Start of Material to process

(* Let $D$ be an infinite commutative unital integral domain. The graded pair $(R,S)$ is relatively free in the variety of graded pairs determined by $Id(M_2(D),sl_2(D))$. That is: $(R,S)$ satisfies every weak graded identity of $(M_2(D),sl_2(D))$, and for every graded pair $(A,L)$ satisfying all weak graded identities of $(M_2(D),sl_2(D))$ and every choice of elements $a_i\in L\cap A^{(0)}$, $b_i\in L\cap A^{(1)}$ ($i\ge1$), there is a unique homomorphism of graded unital algebras $\psi\colon R\to A$ with $\psi(Y_i)=a_i$, $\psi(Z_i)=b_i$ for all $i$, and it satisfies $\psi(S)\subseteq L$.
   Context: Let $Y=\{y_1,y_2,\dots\}$ and $Z=\{z_1,z_2,\dots\}$ be disjoint countable sets of variables, $X=Y\cup Z$, and let $D\langle X\rangle$ be the free unital associative $D$-algebra on $X$, $\mathbb{Z}_2$-graded by declaring the $y_i$ even and the $z_i$ odd (a monomial is even iff it contains an even number of letters from $Z$, counted with multiplicity). Let $L\langle X\rangle$ be the Lie subalgebra of $D\langle X\rangle$ (with bracket $[a,b]=ab-ba$) generated by $X$, with the induced grading $L\langle X\rangle^{(0)}\oplus L\langle X\rangle^{(1)}$. A graded pair $(A,L)$ consists of a $\mathbb{Z}_2$-graded associative unital $D$-algebra $A=A^{(0)}\oplus A^{(1)}$ and a Lie subalgebra $L$ of $A$ (under the commutator) with $L=(L\cap A^{(0)})\oplus(L\cap A^{(1)})$. A polynomial $f(y_1,\dots,y_k,z_1,\dots,z_m)\in D\langle X\rangle$ is a weak graded identity of $(A,L)$ if $f$ vanishes under every substitution of each $y_i$ by an element of $L\cap A^{(0)}$ and each $z_j$ by an element of $L\cap A^{(1)}$; $Id(A,L)$ denotes the set of all weak graded identities of $(A,L)$. $M_2(D)$ is graded with diagonal matrices even and off-diagonal matrices odd, and $sl_2(D)$ (traceless matrices) carries the induced grading. Let $\mathcal{A}=D[\alpha_i,\beta_i,\gamma_i\mid i\ge1]$ be the commutative polynomial ring and in $M_2(\mathcal A)$ put $Y_i=\begin{pmatrix}\alpha_i&0\\0&-\alpha_i\end{pmatrix}$, $Z_i=\begin{pmatrix}0&\beta_i\\ \gamma_i&0\end{pmatrix}$. Let $R$ be the unital associative subalgebra of $M_2(\mathcal A)$ generated by all $Y_i,Z_i$, and $S$ the Lie subalgebra (under the commutator) generated by them; $R=R_0\oplus R_1$ is graded with the $Y_i$ even and the $Z_i$ odd, and $S$ has the induced grading $S_i=S\cap R_i$. *)

From HB Require Import structures.
From mathcomp Require Import all_boot all_algebra.
From mathcomp Require Import finmap.
From mathcomp.multinomials Require Import monalg.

End of Material to process

### Task directions:
Which of the lines in the data hold the string "mathcomp"? Report each of them by copying it.

### Result for this exercise:
From mathcomp Require Import all_boot all_algebra.
From mathcomp Require Import finmap.
From mathcomp.multinomials Require Import monalg.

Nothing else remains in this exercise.